2.2.4. File system setup
The same file system structure is necessary on all the hosts. In particular, the same versions of the Poplar SDK, application source code, and the dataset used for training should all be at the same location in the file system on all the hosts.
The easiest way to meet these requirements is by using a shared file system. If that is not available, you need to ensure that all the hosts are in sync by performing the necessary copying.
2.3. Caching compiled executables
Poplar compiles user applications, and generates an executable that can be executed on IPUs. This executable can also be stored on the host, and loaded at a later time.

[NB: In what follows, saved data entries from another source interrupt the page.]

Lemma rho_path_weak_CE phi : test_fun phi ->
  Rintegral (@lebesgue_measure R) I01
    (fun t => ip_pi pi (fun x => derive1 (phi^~ x) t) (rho_path t)
              + ip_Q Q pi (gradX (phi t)) (m_path t))
  = ip_pi pi (phi 1) (fun _ => 1) - ip_pi pi (phi 0) rhoA.
Proof.
move=> phi_C1.
have dphi x t : is_derive t (1 : R) (phi^~ x) (derive1 (phi^~ x) t).
  by rewrite derive1E; apply: derivableP; exact: (phi_C1 x).1.
have c_phi x : continuous (phi^~ x).
  by move=> t; apply: differentiable_continuous; apply/derivable1_diffP; have [] := dphi x t.
set G := fun t => _ + _.
have GE : G = fun t => \sum_x
    (derive1 (phi^~ x) t * rho_path t x + phi t x * (2 * t * (1 - rhoA x))) * pi x.
  apply/funext => t; rewrite /G ip_Q_gradX // /ip_pi -sumrN -big_split.
  by apply: eq_bigr => x _; rewrite /= /m_path divXZ div_M; ring.
have dH t : is_derive t (1 : R) (fun s => \sum_x phi s x * rho_path s x * pi x) (G t).
  rewrite GE; apply: is_derive_bigsum => x.
  have := is_deriveM (is_deriveM (dphi x t) (is_derive_rho_path x t)) (is_derive_cst (pi x) t 1).
  have -> : phi^~ x * rho_path^~ x * cst (pi x) = fun s => phi s x * rho_path s x * pi x.
    by apply/funext => s; rewrite !fctE.
  by move/is_derive_eq; apply; rewrite /GRing.scale /= /cst; ring.
have cG : continuous G.
  have c_lin x : continuous (fun s : R => 2 * s * (1 - rhoA x)).
    have -> : (fun s : R => 2 * s * (1 - rhoA x)) = fun s => 0 + 2 * (1 - rhoA x) * s + 0 * s ^+ 2.
      by apply/funext => s; ring.
    exact: continuous_quadratic.
  rewrite GE => t; apply: continuous_bigsum => x; apply: continuousM; last exact: cst_continuous.
  apply: continuousD; apply: continuousM.
  - exact: (phi_C1 x).2.
  - exact: continuous_rho_path.
  - exact: c_phi.
  - exact: c_lin.
rewrite (Rintegral_derive ltr01 dH cG) /ip_pi.
by congr (_ - _); apply: eq_bigr => x _; rewrite /rho_path; ring.
Qed.

Lemma rho_path_CE : CE Q pi rhoA (fun _ => 1) rho_path m_path.
Proof.
split; [|split; [|split; [|split]]].
- by move=> x; exact: (continuous_integrable_I01 (continuous_rho_path (x := x))).1.
- by move=> x y; exact: (continuous_integrable_I01 (continuous_m_path (x := x) (y := y))).1.
- by move=> x; exact: (continuous_integrable_I01 (continuous_rho_path (x := x))).2.
- by move=> x y; exact: (continuous_integrable_I01 (continuous_m_path (x := x) (y := y))).2.
- exact: rho_path_weak_CE.
Qed.

End Path.

Section PathBounds.
Context {R : realType} {X : finType}.
Variables (Q : X -> X -> R) (pi : X -> R) (th : R -> R -> R).
Variables (rhoA : X -> R) (M : X -> X -> R) (B : R).
Hypothesis Q_ge0 : forall x y, 0 <= Q x y.
Hypothesis pi_ge0 : forall x, 0 <= pi x.
Hypothesis th_mono : forall s s' t, 0 <= s -> s <= s' -> 0 <= t ->
  th s t <= th s' t /\ th t s <= th t s'.
Hypothesis th_diag : forall s, 0 <= s -> th s s = s.
Hypothesis rhoA_ge0 : forall x, 0 <= rhoA x.
Hypothesis div_M : forall x, divX Q M x = rhoA x - 1.
Hypothesis M_le : forall x y, `|M x y| <= B.

Lemma alpha_path_le t : 0 <= t <= 1 -> forall x y,
  (alpha th (rho_path rhoA t x) (rho_path rhoA t y) (m_path M t x y) <= (4 * B ^+ 2)%:E)%E.
Proof.
move=> t01 x y; rewrite /m_path mulr_natl mulr2n.
have t2E : (t ^+ 2 + t ^+ 2) / 2 = t ^+ 2 by field.
by apply: alpha_sum_mul_le; rewrite ?t2E ?rho_path_ge.
Qed.

Lemma action_path_le :
  (action Q pi th (rho_path rhoA) (m_path M) <= (2^-1 * (4 * B ^+ 2 * edge_mass Q pi))%:E)%E.
Proof. exact: (action_le Q_ge0 pi_ge0 alpha_path_le). Qed.

Variable N : nat.
Hypothesis N_gt0 : (0 < N)%N.

Lemma interp_rho_path t x :
  interp N (rho_path rhoA) t x = rhoA x + chord N (cell N t) t * (1 - rhoA x).
Proof. by rewrite /interp /rho_path /chord tgridS; field; exact: hstep_neq0. Qed.

Lemma interp_rho_path_V1n : V1n N (interp N (rho_path rhoA)).
Proof.
split=> [x | i iN]; last exact: interp_affine.
have c_max : continuous (cst (rhoA x) + chord_max N * cst (1 - rhoA x)).
  move=> t; apply: continuousD; first exact: cst_continuous.
  by apply: continuousM; [exact: continuous_chord_max | exact: cst_continuous].
apply: subspace_eq_continuous (continuous_subspaceT c_max).
move=> t; rewrite inE /I01 /= in_itv /= => t01.
by rewrite /from_subspace /= !fctE interp_rho_path chord_maxE.
Qed.

Lemma avg_m_path t x y :
  avg_e N (m_path M) t x y = (tgrid N (cell N t) + tgrid N (cell N t).+1) * M x y.
Proof.
by rewrite /avg_e (@avg_affine _ _ N_gt0 _ 0 (2 * M x y)) => [|s _]; rewrite /m_path; field.
Qed.

Lemma rho_path_CEh : CEh Q N rhoA (fun _ => 1) (interp N (rho_path rhoA)) (avg_e N (m_path M)).
Proof.
split; first exact: interp_rho_path_V1n.
split; first exact: avg_e_V0e.
split.
  by rewrite interp_tgrid // tgrid0; apply/funext => x; rewrite /rho_path expr0n mul0r addr0.
split.
  by rewrite interp_tgrid // tgridN //; apply/funext => x; rewrite /rho_path expr1n mul1r addrC subrK.
move=> i iN x; rewrite !interp_tgrid // ?(ltnW iN) //.
have -> : avg_e N (m_path M) (tgrid N i) = fun a b => (tgrid N i + tgrid N i.+1) * M a b.
  by apply/funext => a; apply/funext => b; rewrite avg_m_path cell_tgrid.
by rewrite divXZ div_M /rho_path tgridS; field; exact: hstep_neq0.
Qed.

Lemma action_h_path_le :
  (action_h Q pi th N (interp N (rho_path rhoA)) (avg_e N (m_path M))
     <= (2^-1 * (4 * B ^+ 2 * edge_mass Q pi))%:E)%E.
Proof.
apply: (action_le Q_ge0 pi_ge0) => t _ x y; rewrite /avg_e (avg_idem N_gt0) -/(avg_e N _ t x y).
rewrite !(avg_interp N_gt0) avg_m_path.
set u := tgrid N (cell N t); set v := tgrid N (cell N t).+1.
have lower z : (u ^+ 2 + v ^+ 2) / 2 <= (rho_path rhoA u z + rho_path rhoA v z) / 2.
  have u01 : 0 <= u <= 1 by rewrite tgrid_ge0 tgrid_le1 // ltnW // cell_lt.
  have v01 : 0 <= v <= 1 by rewrite tgrid_ge0 tgrid_le1 // cell_lt.
  by rewrite ler_pM2r // lerD ?rho_path_ge.
exact: alpha_sum_mul_le.
Qed.

End PathBounds.

Unset Implicit Arguments.

Theorem proposition3p3 (R : realType) (X : finType) (Q : X -> X -> R)
    (pi : X -> R) (th : R -> R -> R) :
  markov_setting Q pi -> mean_fun th ->
  exists C : R, forall rhoA : X -> R, density pi rhoA ->
    exists (rho : R -> X -> R) (m : R -> X -> X -> R),
      ((CE Q pi rhoA (fun _ => 1) rho m) /\ ((forall x, {within I01, continuous (fun t => rho t x)})) /\ ((action Q pi th rho m <= C%:E)%E) /\ (forall N : nat, (0 < N)%N ->
            CEh Q N rhoA (fun _ => 1) (interp N rho) (avg_e N m) /\
            (action_h Q pi th N (interp N rho) (avg_e N m) <= C%:E)%E)).
Proof.
move=> [Q_ge0 [_ [Q_irr [pi_gt0 [pi_mass Q_rev]]]]].
move=> [_ [_ [_ [_ [_ [_ [th_diag [_ [_ th_mono]]]]]]]]].
have pi_ge0 x := ltW (pi_gt0 x).
have [B flux] := density_flux_bounded Q_ge0 Q_irr pi_gt0 pi_mass Q_rev.
exists (2^-1 * (4 * B ^+ 2 * edge_mass Q pi)) => rhoA rhoA_density.
have [M div_M M_le] := flux rhoA rhoA_density.
have rhoA_ge0 := rhoA_density.1.
exists (rho_path rhoA), (m_path M); split; [|split; [|split]].
- exact: rho_path_CE.
- by move=> x; exact: continuous_subspaceT (continuous_rho_path (x := x)).
- exact: action_path_le.
- by move=> N N_gt0; split; [exact: rho_path_CEh | exact: action_h_path_le].
Qed.
(* Tr_{F/Q}(x) = trace of the Q-linear map y |-> x*y, computed in the basis  *)
(* vbasis fullv.                                                             *)
Definition trF (F : fieldExtType rat) (x : F) : rat :=
  (\sum_(i < \dim {:F}) coord (vbasis fullv) i (x * (vbasis fullv)`_i)).

Definition tpair (F : fieldExtType rat) (x y : F) : rat := trF (x * y).

Definition totally_real (F : fieldExtType rat) : Prop :=
  forall (f : {rmorphism F -> algC}) (x : F), f x \is Num.real.

Definition totally_real_field_of_degree (g : nat) (F : fieldExtType rat) : Prop :=
  \dim {:F} = g /\ totally_real F.

(* A lattice I in F (additive subgroup of rank g = [F:Q]) is given by a      *)
(* Z-basis b, which is Q-linearly independent; I = Z b_1 + ... + Z b_g.      *)
Definition lattice_basis (g : nat) (F : fieldExtType rat) (b : 'I_g -> F) : Prop :=
  free [seq b i | i <- enum 'I_g].

Definition in_lattice (g : nat) (F : fieldExtType rat) (b : 'I_g -> F) (x : F) : Prop :=
  exists z : 'I_g -> int, x = (\sum_(i < g) b i *~ z i).

(* V = components (vertices), H = cusps of X' = branches at nodes (half-edges),
   vtx h = component carrying the cusp h, opp h = other branch at the same node.
   An edge (node) is a pair {h, opp h}; choosing h as its head orients it and
   labels it by the weight of h. *)
Record dgraph := DGraph {
  dV : finType;
  dH : finType;
  vtx : dH -> dV;
  opp : dH -> dH
}.

Definition adjacent (G : dgraph) : rel (dV G) :=
  fun u v => [exists h : dH G, (vtx h == u) && (vtx (opp h) == v)].

(* The combinatorial data of an I-weighted boundary stratum: a stable curve of
   arithmetic genus g whose components are all rational (geometric genus 0),
   with no marked points other than the nodes, weights w : H -> F with
   opposite weights at the two branches of a node, zero sum on each component,
   all in I, and spanning I. *)
Definition weighted_stratum (g : nat) (F : fieldExtType rat) (b : 'I_g -> F)
    (G : dgraph) (w : dH G -> F) : Prop :=
  [/\ (forall h : dH G, opp (opp h) = h /\ opp h <> h),
      (forall u v : dV G, connect (@adjacent G) u v),
      (* stability: each P^1 component carries >= 3 special points *)
      (forall v : dV G, leq 3 #|[set h | vtx h == v]|),
      (* arithmetic genus g: #nodes - #components + 1 = g *)
      addn #|dH G| 2 = muln 2 (addn g #|dV G|) &
   [/\ (forall h, w (opp h) = - w h),
      (forall v : dV G, \sum_(h | vtx h == v) w h = 0),
      (forall h, in_lattice b (w h)) &
      (forall x, in_lattice b x ->
         exists z : dH G -> int, x = (\sum_h w h *~ z h))]].

(* A loop is a nonempty cyclic sequence of steps [h_1; ...; h_n]; step h means
   traversing the edge {opp h, h} from the component of opp h to the component
   of h (i.e. arriving through the cusp h). *)
Definition step_rel (G : dgraph) : rel (dH G) :=
  fun h h' => vtx h == vtx (opp h').

Definition is_loop (G : dgraph) (s : seq (dH G)) : Prop :=
  s <> [::] /\ cycle (@step_rel G) s.

Definition trav (G : dgraph) (s : seq (dH G)) (h : dH G) : int :=
  (Posz (count_mem h s) - Posz (count_mem (opp h) s)).

Definition is_lambda (F : fieldExtType rat) (G : dgraph) (w : dH G -> F)
    (s : seq (dH G)) (lam : F) : Prop :=
  forall h, tpair lam (w h) = (trav s h)%:~R.

Definition edge_disjoint (G : dgraph) (s1 s2 : seq (dH G)) : Prop :=
  forall h, h \in s1 -> (h \notin s2) && (opp h \notin s2).

Definition simple_loop (G : dgraph) (s : seq (dH G)) : Prop :=
  uniq [seq vtx h | h <- s].

(* For a simple loop s and h in s, h is the cusp gamma^in(vtx h) through which
   s enters the component vtx h, and opp (next s h) is the cusp gamma^out(vtx h)
   through which it leaves it. *)
Definition loop_in (G : dgraph) (s : seq (dH G)) (h : dH G) : dH G := h.
Definition loop_out (G : dgraph) (s : seq (dH G)) (h : dH G) : dH G := opp (next s h).

(* An element of S_Q(F) is represented by a formal sum  sum_i a_i (x) b_i
   (a list of pairs).  The pairing with r (x) r in Sym_Q(F) is
   sum_i <a_i,r><b_i,r>; N(S) is the annihilator of W(S) = span{r (x) r}. *)
Definition in_N (F : fieldExtType rat) (G : dgraph) (w : dH G -> F)
    (a : seq (F * F)) : Prop :=
  forall h, (\sum_(p <- a) tpair p.1 (w h) * tpair p.2 (w h)) = 0.

Definition cross_count (G : dgraph) (m : nat) (k : nat -> dH G) (h : dH G) : rat :=
  ((\sum_(j < m) (k j == h))%:Z - (\sum_(j < m) (k j == opp h))%:Z)%:~R.

Local Close Scope ring_scope.
Local Open Scope R_scope.

Definition rat2C (q : rat) : C := RtoC (ratr q).

Definition Cexp (z : C) : C :=
  (exp (fst z) * cos (snd z), exp (fst z) * sin (snd z))%R.

(* A point X of the stratum: each component is P^1, in an affine coordinate
   in which no cusp is at infinity; pos h is the coordinate of the cusp h
   on the component vtx h. *)
Definition stratum_point (G : dgraph) (pos : dH G -> C) : Prop :=
  forall h h', vtx h = vtx h' -> h <> h' -> pos h <> pos h'.

Definition res (F : fieldExtType rat) (G : dgraph) (w : dH G -> F) (alpha : F)
    (h : dH G) : C := rat2C (tpair alpha (w h)).

Definition omega (F : fieldExtType rat) (G : dgraph) (w : dH G -> F) (alpha : F)
    (pos : dH G -> C) (v : dV G) (z : C) : C :=
  \big[Cplus/(RtoC 0)]_(h | vtx h == v) Cdiv (res w alpha h) (Cminus z (pos h)).

Definition seg_integral (f : C -> C) (sigma dsigma : R -> C) : C :=
  (RInt (fun t => fst (Cmult (f (sigma t)) (dsigma t))) 0 1,
   RInt (fun t => snd (Cmult (f (sigma t)) (dsigma t))) 0 1).

(* A closed path on X, avoiding the nodes where omega_X (for alpha) has a pole,
   whose algebraic intersection number with the node of head-weight w h is
   <beta, w h>.  It is described by m crossings k 0, ..., k (m-1) (crossing j
   goes through the node {k j, opp k j}, from the branch k j to the branch
   opp (k j)) and m segments: segment j is a C^1 path sigma j (derivative
   dsigma j) on the component vtx (k j), from the cusp opp (k (j-1 mod m))
   to the cusp k j, avoiding the poles of omega_X.  The intersection number
   with the node oriented with head h counts crossings leaving the branch h
   positively. *)
Definition prev_index (m j : nat) : nat := modn (j + m).-1 m.

Definition path_on_X (F : fieldExtType rat) (G : dgraph) (w : dH G -> F)
    (pos : dH G -> C) (alpha beta : F)
    (m : nat) (k : nat -> dH G) (sigma dsigma : nat -> R -> C) : Prop :=
  (forall j, leq j.+1 m ->
     [/\ vtx (opp (k (prev_index m j))) = vtx (k j),
         sigma j 0%R = pos (opp (k (prev_index m j))),
         sigma j 1%R = pos (k j),
         tpair alpha (w (k j)) = (0 : rat) &
         forall t, (0 <= t <= 1)%R ->
           [/\ is_derive (fun u => fst (sigma j u)) t (fst (dsigma j t)),
               is_derive (fun u => snd (sigma j u)) t (snd (dsigma j t)),
               continuous (fun u => fst (dsigma j u)) t,
               continuous (fun u => snd (dsigma j u)) t &
               forall h, vtx h = vtx (k j) -> tpair alpha (w h) <> (0 : rat) ->
                 sigma j t <> pos h]]) /\
  (forall h,
     cross_count m k h = tpair beta (w h)).

Definition path_integral (F : fieldExtType rat) (G : dgraph) (w : dH G -> F)
    (pos : dH G -> C) (alpha : F)
    (m : nat) (k : nat -> dH G) (sigma dsigma : nat -> R -> C) : C :=
  \big[Cplus/(RtoC 0)]_(j < m)
     seg_integral (omega w alpha pos (vtx (k j))) (sigma j) (dsigma j).

Definition cross_ratio (a b c d : C) : C :=
  Cdiv (Cmult (Cminus a c) (Cminus b d)) (Cmult (Cminus a d) (Cminus b c)).

(* product over the common vertices v of two simple loops of
   [g1out(v), g1in(v), g2out(v), g2in(v)]; a common vertex v corresponds to
   the unique pair (h1 in s1, h2 in s2) with vtx h1 = vtx h2 = v. *)
Definition cross_ratio_product (G : dgraph) (pos : dH G -> C)
    (s1 s2 : seq (dH G)) : C :=
  \big[Cmult/(RtoC 1)]_(h1 <- s1) \big[Cmult/(RtoC 1)]_(h2 <- s2 | vtx h1 == vtx h2)
     cross_ratio (pos (loop_out s1 h1)) (pos (loop_in s1 h1))
                 (pos (loop_out s2 h2)) (pos (loop_in s2 h2)).

(* Pairing a (x) b with r (x) r gives <a, r> <b, r>; for a = lambda(gamma_1),
   b = lambda(gamma_2) these are the signed traversal counts of the edge of
   weight r, one of which vanishes since the loops are edge-disjoint.

   For the cross-ratio formula, omega_X = sum_h res_h dz / (z - p_h) on each
   component, with integer residues res_h = traversal counts of gamma_1.  On a
   segment from u to v avoiding the poles, exp (int dz / (z - p)) =
   (v - p) / (u - p), because exp (- int z'/z) z has zero derivative.  Hence
   Psi(a) is a product of factors (p_x - p_h)^(res_h n_x) over pairs of cusps
   on a common component, where n_x counts the crossings of the path through
   the node at x, i.e. the traversal count of gamma_2.  For simple loops both
   counts are +-1 exactly at the in- and out-cusps, and the four sign patterns
   at a common vertex assemble to the cross-ratio there. *)

From Pilot Require Import Defs.
From mathcomp Require Import all_boot all_order all_algebra all_field.
From mathcomp Require Import Rstruct.
From mathcomp.real_closed Require Import complex.
From Stdlib Require Import Reals Lra.
From Coquelicot Require Import Coquelicot.

Set Implicit Arguments.
Unset Strict Implicit.
Unset Printing Implicit Defensive.

Import GRing.Theory.

Section UnitIntervalCalculus.
Local Open Scope R_scope.

Definition clamp01 (u : R) : R := Rmax 0 (Rmin 1 u).

Lemma clamp01_id u : 0 <= u <= 1 -> clamp01 u = u.
Proof. by rewrite /clamp01 /Rmax /Rmin => ?; repeat case: Rle_dec; lra. Qed.

Lemma clamp01_in u : 0 <= clamp01 u <= 1.
Proof. by rewrite /clamp01 /Rmax /Rmin; repeat case: Rle_dec; lra. Qed.

Lemma continuity_clamp01 u : continuity_pt clamp01 u.
Proof.
move=> eps eps_gt0; exists eps; split=> // v [_ /= dist_uv].
apply: Rle_lt_trans dist_uv; rewrite /R_dist /clamp01 /Rmax /Rmin /Rabs.
by repeat case: Rle_dec; repeat case: Rcase_abs; lra.
Qed.

Lemma interior01 u : Rmin 0 1 < u < Rmax 0 1 -> 0 <= u <= 1.
Proof. by rewrite Rmin_left ?Rmax_right; lra. Qed.

(* [f] need only be continuous on [0, 1]: integrating [f \o clamp01] yields a
   primitive that is differentiable at the endpoints as well. *)
Lemma primitive_on01 (f : R -> R) :
  (forall t, 0 <= t <= 1 -> continuity_pt f t) ->
  ex_RInt f 0 1 /\
  exists P : R -> R, [/\ P 0 = 0, P 1 = RInt f 0 1 &
    forall t, 0 <= t <= 1 -> derivable_pt_lim P t (f t)].
Proof.
move=> f_cont.
pose g u := f (clamp01 u).
have g_cont u : continuous g u.
  apply/continuity_pt_filterlim/continuity_pt_comp; first exact: continuity_clamp01.
  exact/f_cont/clamp01_in.
have g_int a b : ex_RInt g a b by apply: ex_RInt_continuous => ? _; exact: g_cont.
have gf u : Rmin 0 1 < u < Rmax 0 1 -> g u = f u.
  by move=> /interior01 u01; rewrite /g clamp01_id.
split; first exact: ex_RInt_ext gf (g_int 0 1).
exists (fun t => RInt g 0 t); split.
- exact: RInt_point.
- exact: RInt_ext gf.
- move=> t t01; have -> : f t = g t by rewrite /g clamp01_id.
  apply/is_derive_Reals.
  apply: is_derive_RInt (g_cont t); apply: filter_forall => u.
  exact: RInt_correct.
Qed.

Lemma derivable_pt_lim_eq f t l l' :
  derivable_pt_lim f t l -> l = l' -> derivable_pt_lim f t l'.
Proof. by move=> ? <-. Qed.

Lemma constant_on01 (K : R -> R) :
  (forall t, 0 <= t <= 1 -> derivable_pt_lim K t 0) -> K 1 = K 0.
Proof.
move=> K'0; symmetry; apply: eq_is_derive; last lra.
by move=> t t01; apply/is_derive_Reals/K'0.
Qed.

End UnitIntervalCalculus.

Section ScalarLinearODE.
Local Open Scope R_scope.
Variables x y dx dy A B a b : R -> R.
Hypothesis x_derive : forall t, 0 <= t <= 1 -> derivable_pt_lim x t (dx t).
Hypothesis y_derive : forall t, 0 <= t <= 1 -> derivable_pt_lim y t (dy t).
Hypothesis A_derive : forall t, 0 <= t <= 1 -> derivable_pt_lim A t (a t).
Hypothesis B_derive : forall t, 0 <= t <= 1 -> derivable_pt_lim B t (b t).
Hypothesis A0 : A 0 = 0.
Hypothesis B0 : B 0 = 0.
Hypothesis ode : forall t, 0 <= t <= 1 ->
  dx t = a t * x t - b t * y t /\ dy t = b t * x t + a t * y t.
(* For any metrized graph $\Gamma$ with $v$ vertices, $$2Kf(\Gamma)= v \cdot y(\Gamma)+\sum_{e_i \in E(\Gamma)} \frac{R_i}{L_i+R_i}\sum_{p \in V(\overline{\Gamma}_i)} r_{\overline{\Gamma}_i}(p,\bar p_i).$$
   Context: A metrized graph $\Gamma$ is a finite connected graph (multiple edges and self-loops allowed) each of whose edges is identified with a closed segment of positive length, with a finite nonempty vertex set $V(\Gamma)$ containing every point of valence $\neq2$; $v=\#V(\Gamma)$, $E(\Gamma)$ its edge set, $L_i$ the length of $e_i$. $r$ (resp. $r_\beta$) denotes effective resistance in $\Gamma$ (resp. in $\beta$), edges being resistors of resistance equal to length. For an edge $e_i$ with end points $p_i,q_i$: if $\Gamma-e_i$ (interior deleted) is connected, $R_i$ is the effective resistance between $p_i,q_i$ in $\Gamma-e_i$, $R_{a_i,p}=\hat j_{p_i}(p,q_i)$, $R_{b_i,p}=\hat j_{q_i}(p,p_i)$, with $\hat j_z(x,y)$ the voltage function of $\Gamma-e_i$ (potential at $x$ when unit current enters at $y$ and exits at $z$, potential $0$ at $z$); if $e_i$ is a bridge, $R_{a_i,p}=0,R_{b_i,p}=R_i$ for $p$ in the component of $\Gamma-e_i$ containing $p_i$, and $R_{a_i,p}=R_i,R_{b_i,p}=0$ otherwise, with every expression in $R_i$ interpreted as its limit as $R_i\to\infty$; for a self-loop $R_i=0$. $Kf(\Gamma)=\frac12\sum_{p,q\in V(\Gamma)}r(p,q)$. $\overline\Gamma_i$ is obtained by contracting $e_i$ to a point, with vertex set the image of $V(\Gamma)$, and $\bar p_i$ is the vertex into which $p_i$ (and $q_i$) is contracted. For a fixed vertex $p$ (independent of choice), $y(\Gamma)=\frac14\sum_{e_i}\frac{L_iR_i^2}{(L_i+R_i)^2}+\frac34\sum_{e_i}\frac{L_i(R_{a_i,p}-R_{b_i,p})^2}{(L_i+R_i)^2}$. *)

(* A metrized graph is modelled combinatorially: a finite
   vertex type V (the vertex set V(Gamma)), a finite edge type E, an endpoint
   map [ends : E -> V * V] (e |-> (p_e, q_e); multiple edges and self-loops
   allowed) and positive lengths [len : E -> R].  Resistances are computed in
   the associated resistor network (edge e = resistor of resistance len e). *)
From HB Require Import structures.
From mathcomp Require Import all_boot all_order all_algebra.
From mathcomp Require Import reals.
From Stdlib Require Import ClassicalEpsilon.

Set Implicit Arguments.
Unset Strict Implicit.
Unset Printing Implicit Defensive.

Import Order.TTheory GRing.Theory Num.Theory.
Local Open Scope ring_scope.

Section Network.
Variables (R : realType) (V E : finType).
Variables (ends : E -> V * V) (len : E -> R).

Definition adj (F : {set E}) : rel V :=
  fun x y => [exists e in F, (((ends e).1 == x) && ((ends e).2 == y))
                          || (((ends e).1 == y) && ((ends e).2 == x))].

Definition connected_net (S : {set V}) (F : {set E}) : bool :=
  [forall x in S, forall y in S, connect (adj F) x y].

Definition outflow (F : {set E}) (phi : V -> R) (w : V) : R :=
  \sum_(e in F)
     (((ends e).1 == w)%:R * (phi (ends e).1 - phi (ends e).2)
      + ((ends e).2 == w)%:R * (phi (ends e).2 - phi (ends e).1)) / len e.

(* phi is the potential when a unit current enters at y and exits at z,
   grounded (potential 0) at z; potentials off S are set to 0. *)
Definition is_voltage (S : {set V}) (F : {set E}) (z y : V) (phi : V -> R)
  : Prop :=
  phi z = 0 /\ (forall x, x \notin S -> phi x = 0) /\
  (forall w, w \in S -> outflow F phi w = (w == y)%:R - (w == z)%:R).

(* voltage function  j_z(x,y)  of the network (S,F) (unique when (S,F) is
   connected, z,y in S). *)
Definition voltage (S : {set V}) (F : {set E}) (z y x : V) : R :=
  epsilon (inhabits (fun _ : V => 0 : R)) (is_voltage S F z y) x.

Definition eff_res (S : {set V}) (F : {set E}) (x y : V) : R :=
  voltage S F y x x.

Definition Kf : R :=
  2^-1 * \sum_(p : V) \sum_(q : V) eff_res [set: V] [set: E] p q.

Definition delF (e : E) : {set E} := [set~ e].

Definition is_bridge (e : E) : bool := ~~ connected_net [set: V] (delF e).

Definition Rdel (e : E) : R := eff_res [set: V] (delF e) (ends e).1 (ends e).2.

Definition Ra (e : E) (p : V) : R :=
  voltage [set: V] (delF e) (ends e).1 (ends e).2 p.
Definition Rb (e : E) (p : V) : R :=
  voltage [set: V] (delF e) (ends e).2 (ends e).1 p.

(* For a bridge, R_i = +oo and the expressions are
   replaced by their limits as R_i -> +oo:
     L R^2/(L+R)^2 -> L,   R/(L+R) -> 1,
     L (R_a - R_b)^2/(L+R)^2 -> L  (since {R_a,R_b} = {0,R_i}). *)
Definition ytermA (e : E) : R :=
  if is_bridge e then len e
  else len e * Rdel e ^+ 2 / (len e + Rdel e) ^+ 2.

Definition ytermB (e : E) (p : V) : R :=
  if is_bridge e then len e
  else len e * (Ra e p - Rb e p) ^+ 2 / (len e + Rdel e) ^+ 2.

Definition weight (e : E) : R :=
  if is_bridge e then 1 else Rdel e / (len e + Rdel e).

(* y(Gamma), computed with the fixed vertex p *)
Definition y_inv (p : V) : R :=
  4^-1 * \sum_(e : E) ytermA e + (3%:R / 4%:R) * \sum_(e : E) ytermB e p.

Loading an existing executable reduces the launch time, because the computational graph will not be compiled by Poplar.
Executable caching can be useful in multiple cases, such as:
Running the same application multiple times
Running an application by distributing it to multiple instances
Running an application by distributing it to multiple hosts, and possibly further distributing it across multiple instances on each host
Executable caching reduces the time required to compile large models. Therefore, it is a recommended feature, and PopRun will try to enable it automatically. However, you can still disable executable caching. See the examples in the following sections to understand how executable caching can be disabled, as well as how it can be used.
Note
Framework-specific executable cache settings made through environment
variables such as POPTORCH_CACHE_DIR
conflict with the PopRun command
line option --executable-cache-path
. Therefore, they must not be
specified at the same time.
2.4. Application launches
In this section we will explain how sample IPU applications can be
launched using PopRun using the various launch modes shown in
section on Section 2.1, Launch modes. For simplicity, we will assume that our
application is a Python application called train.py
. The program
arguments are also not shown, as they are irrelevant. Moreover, the
argument to the --vipu-server-host
is fictional and used for the sake of the
example. Replace it with the host name or the IP address of your own V-IPU
server.
See Section 2.8, V-IPU settings to understand how you can use adjust PopRun’s V-IPU settings.
2.4.1. Single instance
$ poprun --vipu-partition=my_partition --mpi-global-args="--tag-output" \
--num-replicas=4 --num-instances=1 python3 train.py
Executable caching is disabled by default for single-instance single-host runs.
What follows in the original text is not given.